> EXERCISE DETAILS
Could you show each line of the records that contains the word "andP"?

Saved entries
= Beginning of Section =

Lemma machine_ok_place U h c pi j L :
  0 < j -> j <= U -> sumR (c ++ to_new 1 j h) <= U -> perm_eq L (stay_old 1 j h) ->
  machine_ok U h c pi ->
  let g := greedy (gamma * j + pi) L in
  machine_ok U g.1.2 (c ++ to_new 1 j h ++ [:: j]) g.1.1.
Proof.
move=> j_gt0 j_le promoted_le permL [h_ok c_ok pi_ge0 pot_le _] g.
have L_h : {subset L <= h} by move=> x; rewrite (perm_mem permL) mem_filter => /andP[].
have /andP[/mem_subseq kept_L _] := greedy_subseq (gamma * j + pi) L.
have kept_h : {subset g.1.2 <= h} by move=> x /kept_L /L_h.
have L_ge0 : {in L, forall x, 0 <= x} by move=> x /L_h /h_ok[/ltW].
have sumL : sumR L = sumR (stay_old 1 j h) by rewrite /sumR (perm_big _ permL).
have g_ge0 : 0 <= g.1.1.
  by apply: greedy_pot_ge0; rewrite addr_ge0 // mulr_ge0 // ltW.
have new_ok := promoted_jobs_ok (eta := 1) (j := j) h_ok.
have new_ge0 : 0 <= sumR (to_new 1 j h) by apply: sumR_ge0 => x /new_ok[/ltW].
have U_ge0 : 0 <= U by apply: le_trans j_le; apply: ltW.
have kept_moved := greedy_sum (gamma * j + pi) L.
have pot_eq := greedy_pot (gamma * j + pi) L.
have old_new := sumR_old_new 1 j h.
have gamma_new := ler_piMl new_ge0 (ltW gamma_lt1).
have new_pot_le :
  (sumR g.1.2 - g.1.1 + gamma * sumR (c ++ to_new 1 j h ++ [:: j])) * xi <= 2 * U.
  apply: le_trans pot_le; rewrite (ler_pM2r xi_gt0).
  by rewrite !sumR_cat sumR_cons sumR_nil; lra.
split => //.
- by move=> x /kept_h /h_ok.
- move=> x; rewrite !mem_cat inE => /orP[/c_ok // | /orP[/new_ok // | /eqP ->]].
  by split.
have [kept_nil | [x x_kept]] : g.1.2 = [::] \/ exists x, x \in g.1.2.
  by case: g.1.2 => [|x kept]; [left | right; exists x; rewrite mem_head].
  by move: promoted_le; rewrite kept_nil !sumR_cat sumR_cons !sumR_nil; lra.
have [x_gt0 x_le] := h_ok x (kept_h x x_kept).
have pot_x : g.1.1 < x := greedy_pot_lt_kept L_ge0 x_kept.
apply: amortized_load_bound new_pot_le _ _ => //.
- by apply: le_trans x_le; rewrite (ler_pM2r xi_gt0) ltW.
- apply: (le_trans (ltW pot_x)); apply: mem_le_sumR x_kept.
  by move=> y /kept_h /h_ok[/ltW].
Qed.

= End of Section =

> RESPONSE TO THIS TASK
have L_h : {subset L <= h} by move=> x; rewrite (perm_mem permL) mem_filter => /andP[].
have /andP[/mem_subseq kept_L _] := greedy_subseq (gamma * j + pi) L.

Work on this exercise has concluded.